London: Michael Jackson, whose net worth was estimated to be as high as 1 billion dollars by mid-Nineties, leafed through magazines and ordered every single product advertised in it, according to those who worked for him.
Nearing middle age, the pop legend seemed irresistibly drawn to projects that much of the public found laughable.
In 1996, he announced a “family values” global entertainment empire whose projects included plans to create a theme-park home for all British cows afflicted with mad cow disease, the Daily Mail reported.
Soon after, the singer showed up in Warsaw, where he announced a 500-million-dollar World Of Childhood amusement park, to be built with the co-operation of the Polish government.
In 1998, he reportedly became the first customer to place an order for 75,000 dollars per bottle “limited edition” perfume being licensed as “the ultimate symbol of indulgence.”
It would be sold in a flask made from platinum, gold and diamonds, packaged in a walnut box that could be opened only with a gold, diamond, and ruby key.
Jackson placed a deposit on two bottles: one for himself, one for his dear friend Elizabeth Taylor.
The following year, he paid 1.54 million dollars at auction for the Oscar that producer David O. Selznick received for ‘Gone With The Wind.’
Less than a year later, Beverly Hills jeweller David Orgell sued Jackson for non-payment on a 1.9 million-dollar Vacheron watch.
The singer tried to return the timepiece but Orgell said it was scratched. They settled in 2001.
The very next day, Jackson used the Vacheron as collateral on a loan from Bank of America.
By the turn of the millennium, he was spending about 8 million dollars a year just on travel and antiques.
At his Neverland ranch, it was costing the star 4 million dollars per annum to keep staff – from carpenters to snake handlers – on the payroll.
When he flew to London for a weekend of shopping, he would hire a private jet to carry an entourage and rent an entire floor of a five-star hotel to house them.

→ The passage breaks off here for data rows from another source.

Lemma ge0_of_derive_ge0 (f df : R -> R) :
  (forall x, is_derive x 1 f (df x)) -> f 0 = 0 ->
  (forall x, 0 <= x -> 0 <= df x) -> forall x, 0 <= x -> 0 <= f x.
Proof.
move=> fd f0 df_ge0 x x_ge0.
have cf : continuous f.
  by move=> y; apply/differentiable_continuous/derivable1_diffP; exact: ex_derive.
have [c /andP[c_ge0 _]] :=
  MVT_segment x_ge0 (fun y _ => fd y) (continuous_subspaceT cf).
by rewrite f0 !subr0 => ->; rewrite mulr_ge0 ?df_ge0.
Qed.

Lemma is_derive_monomial m x :
  is_derive x 1 (fun y : R => y ^+ m.+1 / (m.+1)`!%:R) (x ^+ m / m`!%:R).
Proof.
have -> : (fun y : R => y ^+ m.+1 / (m.+1)`!%:R) = (m.+1)`!%:R^-1 \*: (@id R ^+ m.+1).
  by apply/funext => y; rewrite /= exprfctE mulrC.
apply: is_derive_eq.
rewrite factS natrM /= -[_%:A]/(_ * 1) mulr1 -[_ *: _]/(_ * _).
by field; rewrite pnatr_eq0 -lt0n fact_gt0 addrC natr1 pnatr_eq0.
Qed.

Global Instance is_derive_sin_taylor n x : is_derive x 1 (sin_taylor n) (cos_taylor n x).
Proof.
have -> : sin_taylor n = \sum_(k < n) (fun y => (-1) ^+ k * (y ^+ k.*2.+1 / (k.*2.+1)`!%:R)).
  by apply/funext => y; rewrite fct_sumE; apply: eq_bigr => k _; rewrite mulrA.
rewrite /cos_taylor; apply: is_derive_sum => k.
by rewrite -mulrA; apply: is_deriveZ; apply: is_derive_monomial.
Qed.

Global Instance is_derive_cos_taylor n x :
  is_derive x 1 (cos_taylor n.+1) (- sin_taylor n x).
Proof.
have -> : cos_taylor n.+1 = cst 1 + \sum_(k < n)
    (fun y => - ((-1) ^+ k * (y ^+ k.*2.+2 / (k.*2.+2)`!%:R))).
  apply/funext => y; rewrite /cos_taylor big_ord_recl fct_sumE /=.
  rewrite /= expr0 mul1r divr1; congr (_ + _); apply: eq_bigr => k _.
  by rewrite /bump leq0n add1n exprS mulN1r -mulrA mulNr.
rewrite /sin_taylor -sumrN -[X in is_derive _ _ _ X]add0r.
apply: is_deriveD; apply: is_derive_sum => k.
rewrite -mulrA; apply: is_deriveN; apply: is_deriveZ; apply: is_derive_monomial.
Qed.

Lemma sin_taylor0 n : sin_taylor n 0 = 0.
Proof. by rewrite /sin_taylor big1 // => k _; rewrite expr0n mulr0 mul0r. Qed.

Lemma cos_taylor0 n : cos_taylor n.+1 0 = 1.
Proof.
rewrite /cos_taylor big_ord_recl big1 ?addr0 => [|k _]; first by rewrite /= mulr1 divr1.
by rewrite lift0 doubleS expr0n mulr0 mul0r.
Qed.

Lemma sin_taylor_alt_of_cos n :
    (forall x, 0 <= x -> 0 <= (-1) ^+ n.+1 * (cos x - cos_taylor n.+1 x)) ->
  forall x, 0 <= x -> 0 <= (-1) ^+ n.+1 * (sin x - sin_taylor n.+1 x).
Proof.
move=> cos_alt; apply: ge0_of_derive_ge0 cos_alt.
by rewrite sin0 sin_taylor0 subrr mulr0.
Qed.

Lemma cos_taylor_alt n x : 0 <= x -> 0 <= (-1) ^+ n.+1 * (cos x - cos_taylor n.+1 x).
Proof.
elim: n x => [|n IH] x.
  by rewrite expr1 mulN1r oppr_ge0 subr_le0 /cos_taylor big_ord1 /= mulr1 divr1 cos_le1.
move: x; apply: (ge0_of_derive_ge0
  (df := fun y => (-1) ^+ n.+1 * (sin y - sin_taylor n.+1 y))) => [y||].
- by apply: is_derive_eq; rewrite exprS -![_ *: _]/(_ * _); ring.
- by rewrite cos0 cos_taylor0 subrr mulr0.
- exact: sin_taylor_alt_of_cos.
Qed.

Lemma cos_le_taylor4 x : 0 <= x -> cos x <= 1 - x ^+ 2 / 2 + x ^+ 4 / 24.
Proof.
by move=> /(cos_taylor_alt 2); rewrite /cos_taylor !big_ord_recr big_ord0 /= !factS fact0; lra.
Qed.

Lemma taylor6_le_cos x : 0 <= x -> 1 - x ^+ 2 / 2 + x ^+ 4 / 24 - x ^+ 6 / 720 <= cos x.
Proof.
by move=> /(cos_taylor_alt 3); rewrite /cos_taylor !big_ord_recr big_ord0 /= !factS fact0; lra.
Qed.

Lemma cos_le_taylor8 x :
  0 <= x -> cos x <= 1 - x ^+ 2 / 2 + x ^+ 4 / 24 - x ^+ 6 / 720 + x ^+ 8 / (720 * 56).
Proof.
by move=> /(cos_taylor_alt 4); rewrite /cos_taylor !big_ord_recr big_ord0 /= !factS fact0 !natrM; lra.
Qed.

Lemma pi_lt_16_5 : pi < 16 / 5 :> R.
Proof.
rewrite ltNge; apply/negP => pi_ge.
have : 0 <= cos (8 / 5 : R) by apply: cos_ge0_pihalf; lra.
have := cos_le_taylor4 (_ : 0 <= 8 / 5 :> R); lra.
Qed.

End TaylorBounds.

Section Dispersion.
Variable R : realFieldType.
Implicit Types (c y A : R).

Definition dispersion c : R := 3 * (1 - c) * (9 + c) / (11 + 4 * c).

Definition dispersion_gap A c : R := 3 * (1 - c) * (9 + c) - A * (11 + 4 * c).

Lemma dispersion_ltE A c : -1 <= c -> (dispersion c < A) = (dispersion_gap A c < 0).
Proof. by move=> c_ge; rewrite ltr_pdivrMr /dispersion_gap ?subr_lt0 //; lra. Qed.

Lemma dispersion_gtE A c : -1 <= c -> (A < dispersion c) = (0 < dispersion_gap A c).
Proof. by move=> c_ge; rewrite ltr_pdivlMr /dispersion_gap ?subr_gt0 //; lra. Qed.

Lemma dispersion_gap_decr A c1 c2 : 0 <= A -> -8 <= c1 + c2 -> c1 <= c2 ->
  dispersion_gap A c2 <= dispersion_gap A c1.
Proof.
move=> A_ge0 c12 le_c12; rewrite -subr_le0.
have -> : dispersion_gap A c2 - dispersion_gap A c1 =
    (c2 - c1) * (- 3 * (c1 + c2) - 24 - 4 * A).
  by rewrite /dispersion_gap; ring.
by rewrite mulr_ge0_le0 ?subr_ge0 //; lra.
Qed.

Lemma dispersion_decr c1 c2 : -1 <= c1 -> c1 < c2 -> c2 <= 1 ->
  dispersion c2 < dispersion c1.
Proof.
move=> c1_ge c12 c2_le; rewrite -subr_gt0.
have d1 : 0 < 11 + 4 * c1 by lra.
have d2 : 0 < 11 + 4 * c2 by lra.
have -> : dispersion c1 - dispersion c2 =
    3 * (c2 - c1) * (124 + 11 * (c1 + c2) + 4 * c1 * c2) / ((11 + 4 * c1) * (11 + 4 * c2)).
  by rewrite /dispersion; field; rewrite !gt_eqF.
rewrite divr_gt0 ?mulr_gt0 //; first lra.
have : -1 <= c1 * c2 by nra.
lra.
Qed.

Jackson looked at money a little differently from most people. His friend and business partner Marc Schaffel recalled when Jackson had wanted to buy something costing 100,000 dollars, but his Las Vegas hotel could only lend him 50,000 dollars in cash: “He’s pouting and he says, ‘Oh, forget it.’ Then he says, “’Kids come here.’ All the kids come over and he hands them each a stack of 10,000 dollars and says, ‘Go out and entertain youself for an hour’.”
Money was constantly flowing to Jackson from sources spread all over the globe.

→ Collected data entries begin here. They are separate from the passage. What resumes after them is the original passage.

Lemma sigma_tvarV : sigma tvar^-1 = tvar.
Proof. by rewrite fmorphV /= sigma_tvar invrK. Qed.

Lemma sigmaK : involutive sigma.
Proof.
have sigma_sigma0 p : sigma (sigma0 p) = tofr p.
  rewrite /sigma0 -horner_map /= sigma_tvarV -map_poly_comp.
  by rewrite (eq_map_poly sigma_cst) (poly_initial tofr p).
move=> f; have [n [d [d0 ->]]] := fracP f.
by rewrite sigma_frac // fmorph_div /= !sigma_sigma0.
Qed.

Lemma laurent_tofr p : laurent (tofr p).
Proof. by exists 0%N, p; rewrite expr0 divr1. Qed.

Lemma laurent_cst c : laurent (cst c).
Proof. exact: laurent_tofr. Qed.

Lemma laurent_nat n : laurent n%:R.
Proof. by rewrite -(rmorph_nat tofr); apply: laurent_tofr. Qed.

Lemma laurentD f g : laurent f -> laurent g -> laurent (f + g).
Proof.
move=> [n [P ->]] [m [Q ->]]; exists (n + m)%N, (P * 'X^m + Q * 'X^n).
by rewrite addf_div ?expf_neq0 ?tvar_neq0 // rmorphD !rmorphM !rmorphXn exprD.
Qed.

Lemma laurentN f : laurent f -> laurent (- f).
Proof. by move=> [n [P ->]]; exists n, (- P); rewrite rmorphN mulNr. Qed.

Lemma laurentB f g : laurent f -> laurent g -> laurent (f - g).
Proof. by move=> hf hg; apply/laurentD/laurentN. Qed.

Lemma laurentM f g : laurent f -> laurent g -> laurent (f * g).
Proof.
by move=> [n [P ->]] [m [Q ->]]; exists (n + m)%N, (P * Q); rewrite mulf_div rmorphM exprD.
Qed.

Lemma laurentX f n : laurent f -> laurent (f ^+ n).
Proof.
move=> hf; elim: n => [|n IH]; last by rewrite exprS; apply: laurentM.
by rewrite expr0 -(rmorph1 tofr); apply: laurent_tofr.
Qed.

Lemma laurent_tvarV : laurent tvar^-1.
Proof. by exists 1%N, 1; rewrite rmorph1 expr1 mul1r. Qed.

Lemma laurent_sigma f : laurent f -> laurent (sigma f).
Proof.
move=> [n [P ->]]; rewrite fmorph_div /= sigma_tofr rmorphXn /= sigma_tvar exprVn invrK.
apply: laurentM; last by apply: laurentX; apply: laurent_tofr.
exists (size P).-1, (\poly_(i < size P) P`_((size P).-1 - i)).
by rewrite -sigma0_rev mulfK // expf_neq0 // tvar_neq0.
Qed.

Local Notation u := (tvar - 1).

Definition dvdu (k : nat) (f : LF) : Prop := exists r, laurent r /\ f = u ^+ k * r.

Lemma tofr_XsubC1 : tofr ('X - 1%:P) = u.
Proof. by rewrite rmorphB polyC1 rmorph1. Qed.

Lemma u_neq0 : u != 0.
Proof. by rewrite -tofr_XsubC1 tofr_eq0 polyXsubC_eq0. Qed.

Lemma laurent_u : laurent u.
Proof. by rewrite -tofr_XsubC1; apply: laurent_tofr. Qed.

Lemma sigma_u : sigma u = - (u * tvar^-1).
Proof. by rewrite rmorphB rmorph1 /= sigma_tvar mulrBl mul1r divff ?tvar_neq0 // opprB. Qed.

Lemma dvdu_laurent k f : dvdu k f -> laurent f.
Proof. by move=> [r [hr ->]]; apply: laurentM => //; apply: laurentX laurent_u. Qed.

Lemma laurent_dvdu0 f : laurent f -> dvdu 0 f.
Proof. by move=> hf; exists f; rewrite expr0 mul1r. Qed.

Lemma dvdu0 k : dvdu k 0.
Proof. by exists 0; rewrite mulr0 -(rmorph0 tofr); split; first exact: laurent_tofr. Qed.

Lemma dvdu_exp k : dvdu k (u ^+ k).
Proof. by exists 1; rewrite mulr1 -(rmorph1 tofr); split; first exact: laurent_tofr. Qed.

Lemma dvdu_leq m n f : (m <= n)%N -> dvdu n f -> dvdu m f.
Proof.
move=> le_mn [r [hr ->]]; exists (u ^+ (n - m) * r).
by rewrite mulrA -exprD subnKC //; split; first exact: laurentM (laurentX _ laurent_u) hr.
Qed.

Lemma dvduD k f g : dvdu k f -> dvdu k g -> dvdu k (f + g).
Proof. by move=> [r [hr ->]] [s [hs ->]]; exists (r + s); rewrite mulrDr; split; first exact: laurentD. Qed.

Lemma dvduN k f : dvdu k f -> dvdu k (- f).
Proof. by move=> [r [hr ->]]; exists (- r); rewrite mulrN; split; first exact: laurentN. Qed.

Lemma dvduB k f g : dvdu k f -> dvdu k g -> dvdu k (f - g).
Proof. by move=> hf hg; apply/dvduD/dvduN. Qed.

Lemma dvduMl k f g : laurent g -> dvdu k f -> dvdu k (g * f).
Proof. by move=> hg [r [hr ->]]; exists (g * r); rewrite mulrCA; split; first exact: laurentM. Qed.

Lemma dvduM m n f g : dvdu m f -> dvdu n g -> dvdu (m + n) (f * g).
Proof.
by move=> [r [hr ->]] [s [hs ->]]; exists (r * s); rewrite exprD mulrACA; split; first exact: laurentM.
Qed.

Lemma dvdu_sum k n (F : 'I_n -> LF) : (forall i, dvdu k (F i)) -> dvdu k (\sum_(i < n) F i).
Proof. by move=> hF; elim/big_ind: _ => //; [exact: dvdu0 | exact: dvduD]. Qed.

Lemma dvdu_sigma k f : dvdu k f -> dvdu k (sigma f).
Proof.
move=> [r [hr ->]]; rewrite rmorphM rmorphXn /= sigma_u exprNn exprMn.
exists ((-1) ^+ k * tvar^-1 ^+ k * sigma r).
split; last by rewrite !mulrA [(-1) ^+ k * _]mulrC.
apply: laurentM; last exact: laurent_sigma.
by apply: laurentM; [exact/laurentX/laurentN/(laurent_nat 1) | exact/laurentX/laurent_tvarV].
Qed.

Lemma dvdu1_tofr P : root P 1 -> dvdu 1 (tofr P).
Proof.
move=> /factor_theorem [Q ->]; exists (tofr Q); split; first exact: laurent_tofr.
by rewrite rmorphM /= tofr_XsubC1 expr1 mulrC.
Qed.

Lemma dvdu1_tvarVX m : dvdu 1 (tvar^-1 ^+ m - 1).
Proof.
rewrite -sigma_tvar -rmorphXn -(rmorph1 sigma) -rmorphB; apply: dvdu_sigma.
by rewrite -(rmorph1 tofr) -rmorphXn -rmorphB; apply: dvdu1_tofr; rewrite rootE !hornerE expr1n subrr.
Qed.

Lemma laurent_dvdu1 f : laurent f -> exists c, dvdu 1 (f - cst c).
Proof.
move=> [n [P ->]]; exists P.[1].
have -> : tofr P / tvar ^+ n - cst P.[1] = tvar^-1 ^+ n * tofr (P - P.[1]%:P * 'X^n).
  by rewrite exprVn rmorphB rmorphM rmorphXn /= mulrBr mulrCA mulVf ?expf_neq0 ?tvar_neq0 // mulr1 mulrC.
apply: dvduMl; first exact/laurentX/laurent_tvarV.
by apply: dvdu1_tofr; rewrite rootE !hornerE expr1n mulr1 subrr.
Qed.

Lemma dvdu_lead k f : dvdu k f -> exists c, dvdu k.+1 (f - cst c * u ^+ k).
Proof.
move=> [r [hr ->]]; have [c hc] := laurent_dvdu1 hr; exists c.
by rewrite mulrC -mulrBl mulrC -addn1; apply: dvduM (dvdu_exp k) hc.
Qed.

Lemma dvdu_cst k c : dvdu k.+1 (cst c * u ^+ k) -> c = 0.
Proof.
move=> [r [[n [P ->]]]]; rewrite exprSr -mulrA mulrC => /(mulfI (expf_neq0 k u_neq0)).
move=> /(congr1 (fun f => f * tvar ^+ n)); rewrite mulrA mulfVK ?expf_neq0 ?tvar_neq0 //.
rewrite /cst -tofr_XsubC1 -rmorphXn -!rmorphM /= => /tofr_inj /(congr1 (horner^~ 1)).
by rewrite !hornerE subrr mul0r expr1n mulr1.
Qed.

Lemma dvdu_anti_even m q : ~~ odd m -> sigma q = - q -> dvdu m q -> dvdu m.+1 q.
Proof.
move=> even_m anti_q [r [hr def_q]]; have [c hc] := laurent_dvdu1 hr.
have sigma_r : tvar^-1 ^+ m * sigma r = - r.
  apply: (mulfI (expf_neq0 m u_neq0)); rewrite mulrN -def_q -anti_q def_q.
  rewrite rmorphM rmorphXn /= sigma_u exprNn -signr_odd (negPf even_m) mul1r.
  by rewrite exprMn mulrA.
suff c0 : c = 0.
  by move: hc; rewrite c0 rmorph0 subr0 -[m.+1]addn1 def_q; apply: dvduM (dvdu_exp m).
suff /eqP : c *+ 2 = 0 by rewrite Num.Theory.mulrn_eq0 => /eqP.
apply: (@dvdu_cst 0).
set s := sigma r; set v := tvar^-1 ^+ m.
(* modulo u, 2 c is the value at 1 of r + v s = 0 *)
have -> : cst (c *+ 2) * u ^+ 0 = - (r - cst c) - (v * (s - cst c) + cst c * (v - 1)).
  rewrite expr0 mulr1 rmorphMn mulrBr sigma_r /=.
  by ring.
apply: dvduB; first exact: dvduN hc.
apply: dvduD; apply: dvduMl.
- exact/laurentX/laurent_tvarV.
- by rewrite -(sigma_cst c) -rmorphB; apply: dvdu_sigma.
- exact: laurent_cst.
- exact: dvdu1_tvarVX.
Qed.

Definition ycoef (j : nat) : LF := (-1) ^+ j * (u ^+ j - (tvar^-1 - 1) ^+ j).

Lemma tvarV_sub1 : tvar^-1 - 1 = - (u * tvar^-1).
Proof. by rewrite -sigma_u rmorphB rmorph1 /= sigma_tvar. Qed.

Lemma sigma_ycoef j : sigma (ycoef j) = - ycoef j.
Proof.
have sigma_tvarV_sub1 : sigma (tvar^-1 - 1) = u by rewrite rmorphB rmorph1 /= sigma_tvarV.
rewrite rmorphM rmorphB !rmorphXn rmorphN1 /= sigma_tvarV_sub1.
by rewrite rmorphB rmorph1 /= sigma_tvar -mulrN opprB.
Qed.

Lemma laurent_ycoef j : laurent (ycoef j).
Proof.
rewrite /ycoef tvarV_sub1; apply: laurentM; first exact/laurentX/laurentN/(laurent_nat 1).
apply: laurentB; apply: laurentX; first exact: laurent_u.
by apply/laurentN/laurentM; [exact: laurent_u | exact: laurent_tvarV].
Qed.

Lemma ycoef_lead j : odd j -> dvdu j.+1 (ycoef j - cst (- 2%:R) * u ^+ j).
Proof.
move=> odd_j; rewrite /ycoef tvarV_sub1 (exprNn (u * _)) exprMn -signr_odd odd_j rmorphN rmorph_nat.
have -> : (-1) ^+ true * (u ^+ j - (-1) ^+ true * (u ^+ j * tvar^-1 ^+ j)) - - 2%:R * u ^+ j
        = - (u ^+ j * (tvar^-1 ^+ j - 1)) by ring.
by rewrite -addn1; apply/dvduN/dvduM; [exact: dvdu_exp | exact: dvdu1_tvarVX].
Qed.

Lemma dvdu_triangular_free n N (e : nat -> nat) (g : nat -> LF) (kappa : C) (b : nat -> C) :
  kappa != 0 -> {homo e : i j / (i < j)%N} ->
  (forall i, dvdu (e i).+1 (g i - cst kappa * u ^+ e i)) ->
  (forall i, (i < n)%N -> (e i < N)%N) ->
  dvdu N (\sum_(i < n) cst (b i) * g i) -> forall i, (i < n)%N -> b i = 0.
Proof.
move=> kappa0; elim: n e g b => [//|n IH] e g b e_mono g_lead e_lt_N.
have g_dvdu j : dvdu (e j) (g j).
  rewrite -(subrK (cst kappa * u ^+ e j) (g j)); apply: dvduD.
    exact: dvdu_leq (leqnSn _) (g_lead j).
  by apply: dvduMl; [exact: laurent_cst | exact: dvdu_exp].
rewrite big_ord_recl /=; set rest := \sum_(i < n) _ => dvdu_sum_bg.
have dvdu_rest : dvdu (e 0%N).+1 rest.
  apply: dvdu_sum => j; apply: dvduMl; first exact: laurent_cst.
  exact: dvdu_leq (e_mono _ _ (ltn0Sn j)) (g_dvdu _).
have b0 : b 0%N = 0.
  suff /eqP : b 0%N * kappa = 0 by rewrite mulf_eq0 (negPf kappa0) orbF => /eqP.
  apply: (@dvdu_cst (e 0%N)).
  have -> : cst (b 0%N * kappa) * u ^+ e 0%N =
            (cst (b 0%N) * g 0%N + rest) - rest - cst (b 0%N) * (g 0%N - cst kappa * u ^+ e 0%N).
    by rewrite rmorphM; ring.
  apply: dvduB; last by apply: dvduMl; [exact: laurent_cst | exact: g_lead].
  by apply: dvduB dvdu_rest; apply: dvdu_leq (e_lt_N _ _) dvdu_sum_bg.
case=> [//|i] lt_i_n; apply: (IH (e \o succn) (g \o succn) (b \o succn)) => //.
- by move=> j k lt_jk; apply: e_mono.
- by move=> j; apply: g_lead.
- by move=> j lt_jn; apply: e_lt_N.
- by move: dvdu_sum_bg; rewrite b0 rmorph0 mul0r add0r.
Qed.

At this time, he didn’t keep a bank account for fear that a creditor might try to claim it, so all payments were in cash.
Around 2001, that money was usually delivered via Schaffel. He acted, literally, as Jackson’s bag man.
Schaffel’s lawyer Howard King explains: ‘Michael’s other advisers, associates, business partners, patrons – whatever they were – would get him money by actually transmitting the payment to Marc, who would deliver it to Michael in cash.’
Schaffel made the first such delivery to Jackson in a paper sack from a fast food restaurant, Arby’s.
Jackson thought it was hilarious and began referring to the money coming his way as “French fries”. Whenever he was in need of a cash injection, he would say: ‘Bring me some fries, will you? And supersize it’.”